Burjuva sınıfın ortaçağ teolojisini pozitivizm cilasıyla boyanmış seküler ve bilimci bir felsefe olarak sunma çabası anlaşılabilir. O elbette rahminde doğduğu sosyal gerçekliğin izini taşıyacaktır. Ortaçağdan beri, hatta tüm uygarlık tarihi boyunca zihinlerimize yüklenen imgesel yaklaşımlardan kurtulmadan, pozitivist dalganın zihinlerimizi adeta esir alması kaçınılmazdı. Bu durum aşırı tekrarlayıcı, içi boş, kuru bir retoriği (söz ustalığı, cambazlığı) gerçek sanmaktan öte bir gelişmeye fırsat tanımadı. Eskiden “İmam ne derse doğrudur un yerine, “Öğretmen, filozof ne derse doğrudur tekerlemesi geçti. Zihin verimsizliğimizin temelinde bu gerçeklik yatar. Dolayısıyla kendi toplumsal doğamıza ilişkin tek bir yorum yapma hakkından bile yoksun kaldık. Bu çok vahim bir durumdur. Kendi kendine beyinsel körleşme ve esarettir. Dinsel dogmatizm hiç olmazsa geleneğin bir nevi taşıyıcı gücüyle bazı tarihi gerçekleri anımsatır. Pozitivizmde bu da yoktur. Gerçeklerimizle aramıza kocaman bir yabancılaşma bendi örer. Batı’nın ideolojik hegemon gücü olarak, bir nevi silah sıkmadan (beynini kullanmadan) teslim almaya benzer. Açık ki, bu dogmatizmi kırmadan, genelde resmi uygarlık, özelde kapitalist modern paradigmayı kırmak mümkün olamadı. Dolayısıyla özgür yorumlama gücüne erişilemedi. Şu düşüncemde ikna olmuş durumdayım: İdeolojik silahlar askeri silahlardan daha fazla yasaklayıcı rol oynar.

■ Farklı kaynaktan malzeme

(* Gibbs' inequality applied to the two bipartitions {A, ~A} and {C, ~C} *)
Lemma MI_eq0_indep (F G : set (set T)) A C : MI P F G = 0%E ->
  (forall S, F S -> measurable S) -> (forall S, G S -> measurable S) ->
  F A -> F (~` A) -> G C -> G (~` C) ->
  pr (A `&` C) = pr A * pr C.
Proof.
move=> h0 mF mG FA FCA GC GCC.
have := partition_mi_le_MI (fpartition_bipartition FA FCA) (fpartition_bipartition GC GCC).
rewrite h0 lee_fin => hs.
have mA := mF _ FA; have mC := mG _ GC.
have mCA := mF _ FCA; have mCC := mG _ GCC.
have mbiA k : measurable (bipartition A k) by rewrite /bipartition; case: ifP.
have mbiC k : measurable (bipartition C k) by rewrite /bipartition; case: ifP.
pose a (p : 'I_2 * 'I_2) := pr (bipartition A p.1 `&` bipartition C p.2).
pose b (p : 'I_2 * 'I_2) := pr (bipartition A p.1) * pr (bipartition C p.2).
have := @gibbs_eq R _ a b.
have -> : (\sum_i kl (a i) (b i)) = partition_mi (bipartition A) (bipartition C).
  by rewrite /partition_mi pair_bigA.
move=> /(_ _ _ _ _ _ hs (ord0, ord0)); apply.
- by move=> q; apply: pr_ge0; apply: measurableI.
- by move=> q; apply: mulr_ge0; apply: pr_ge0.
- move=> q aq; apply: mulr_gt0.
    apply: lt_le_trans aq _; apply: pr_le; [exact: measurableI|exact: mbiA|exact: subIsetl].
  apply: lt_le_trans aq _; apply: pr_le; [exact: measurableI|exact: mbiC|exact: subIsetr].
- have -> : \sum_i a i = \sum_k \sum_l a (k, l) by rewrite pair_bigA.
  rewrite !big_ord_recl !big_ord0 /= /a /bipartition /= !addr0.
  rewrite -(pr_splitI P mA mC) -(pr_splitI P mCA mC) prC //; lra.
- have -> : \sum_i b i = \sum_k \sum_l b (k, l) by rewrite pair_bigA.
  rewrite !big_ord_recl !big_ord0 /= /b /bipartition /= !addr0.
  rewrite !prC //; lra.
Qed.

Lemma MI_trivial_eq0 (F G : set (set T)) :
  (forall S, F S -> measurable S /\ (pr S = 0 \/ pr S = 1)) ->
  (forall S, G S -> measurable S) -> F setT -> G setT ->
  MI P F G = 0%E.
Proof.
move=> hF mG FT GT; apply/eqP; rewrite eq_le; apply/andP; split.
  apply: MI_le_partition_bound => m m' A B hA hB.
  rewrite /partition_mi big1 // => k _; rewrite big1 // => l _.
  have [mAk [pA|pA]] := hF _ (hA.1 k); have mBl := mG _ (hB.1 l).
    have e : pr (A k `&` B l) = 0.
      by apply: (pr_le_eq0 _ _ _ pA); [exact: measurableI|exact: mAk|exact: subIsetl].
    by rewrite /mi_term e eqxx.
  have e : pr (A k `&` B l) = pr (B l).
    rewrite (pr_splitI P mBl mAk) setIC.
    have mBCA : measurable (B l `&` ~` A k) by apply: measurableI => //; exact: measurableC.
    have -> : pr (B l `&` ~` A k) = 0.
      apply: (pr_le_eq0 mBCA (measurableC mAk)); first exact: subIsetr.
      by rewrite prC // pA subrr.
    by rewrite addr0.
  rewrite /mi_term e pA mul1r; case: ifP => // /negbT hb.
  by rewrite divff // ln1 mulr0.
have := partition_mi_le_MI (fpartition_setT FT) (fpartition_setT GT).
by rewrite /partition_mi !big_ord1 setTI prT /mi_term oner_eq0 mulr1 divr1 ln1 mulr0.
Qed.

Lemma partition_mi_le_fibers (U : finType) (f : T -> U) (E : set T) m (B : 'I_m -> set T) :
  measurable E -> (forall u, measurable (f @^-1` [set u])) ->
  fpartition (sigmaRV [set: set U] f) B ->
  \sum_(l < m) mi_term (pr (E `&` B l)) (pr E) (pr (B l)) <=
  \sum_u mi_term (pr (E `&` f @^-1` [set u])) (pr E) (pr (f @^-1` [set u])).
Proof.
move=> mE mf [hB [hdis hcov]].
have hB' l : exists C', B l = f @^-1` C' by have [C' _ <-] := hB l; exists C'.
have [C hC] := choice hB'.
pose a u := pr (E `&` f @^-1` [set u]).
pose b u := pr (f @^-1` [set u]).
have fibersC l : f @^-1` C l = f @^-1` [set u | `[< C l u >]].
  by apply/seteqP; split=> t /=; rewrite asboolE.
have ea l : pr (E `&` B l) = \sum_(u | `[< C l u >]) a u.
  by rewrite hC fibersC (pr_preimage_pred _ _ mE mf).
have eb l : pr (B l) = \sum_(u | `[< C l u >]) b u.
  rewrite hC fibersC -[f @^-1` _]setTI (pr_preimage_pred _ _ measurableT mf).
  by apply: eq_bigr => u _; rewrite setTI.
apply: (@le_trans _ _ (\sum_(l < m) \sum_(u | `[< C l u >]) mi_term (a u) (pr E) (b u))).
  apply: ler_sum => l _; rewrite ea eb; apply: log_sum_inequality.
  - by move=> u; apply: pr_ge0; exact: measurableI.
  - by move=> u; apply: pr_le; [exact: measurableI|exact: mf|exact: subIsetr].
  - by move=> u; apply: pr_le; [exact: measurableI|exact: mE|exact: subIsetl].
rewrite (sum_over_preimage_partition hC hdis hcov) // => u nu.
have -> : a u = 0.
  rewrite /a -(pr0 P); congr pr.
  by apply/seteqP; split=> t //= [_ ft]; apply: nu; exists t.
by rewrite /mi_term eqxx.
Qed.

End MutualInformation.

Section RealLine.
Context {R : realType}.

Lemma measurable_le_ray (a : R) : measurable [set r : R | r <= a].
Proof.
have -> : [set r : R | r <= a] = `]-oo, a]%classic.
  by apply/seteqP; split=> r /=; rewrite in_itv.
exact: measurable_itv.
Qed.

Lemma measurable_ge_ray (a : R) : measurable [set r : R | a <= r].
Proof.
have -> : [set r : R | a <= r] = `[a, +oo[%classic.
  by apply/seteqP; split=> r /=; rewrite in_itv /= andbT.
exact: measurable_itv.
Qed.

Lemma measurable_gt_ray (a : R) : measurable [set r : R | a < r].
Proof.
have -> : [set r : R | a < r] = `]a, +oo[%classic.
  by apply/seteqP; split=> r /=; rewrite in_itv /= andbT.
exact: measurable_itv.
Qed.

Lemma measurable_lt_ray (a : R) : measurable [set r : R | r < a].
Proof.
have -> : [set r : R | r < a] = `]-oo, a[%classic.
  by apply/seteqP; split=> r /=; rewrite in_itv.
exact: measurable_itv.
Qed.

Lemma exists_nat_gt (x : R) : exists k : nat, x < k%:R.
Proof.
case: (leP 0 x) => x0; first by exists (Num.Def.archi_bound x); apply: archi_boundP.
by exists 0%N.
Qed.

Lemma exists_invS_lt (e : R) : 0 < e -> exists k : nat, (k.+1%:R)^-1 < e.
Proof.
move=> e0; have [k hk] := exists_nat_gt e^-1; exists k.
rewrite invf_plt ?posrE //; apply: lt_trans hk _; rewrite ltr_nat; exact: ltnSn.
Qed.

End RealLine.

Section AlmostSurelyConstant.
Context {R : realType} {d : measure_display} {T : measurableType d}
  (P : probability T R).

Local Notation pr := (pr P).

“Demokratik uygarlık sistemleştirilebilir mi? sorusunu kendime sorarken, bu yöntemsel zincirlerle az boğuşmadım. Daha zorlu olanı ise, çok inandığım bilimsel sosyalizme ilişkin dogmaların kırılmasıydı. Adeta kendi kendinle vuruşarak dogmatizmin esiri olmaktan kurtuluyorsun. Kaldı ki, yaşamımın büyük bir kısmı bu uğraşıyla geçti.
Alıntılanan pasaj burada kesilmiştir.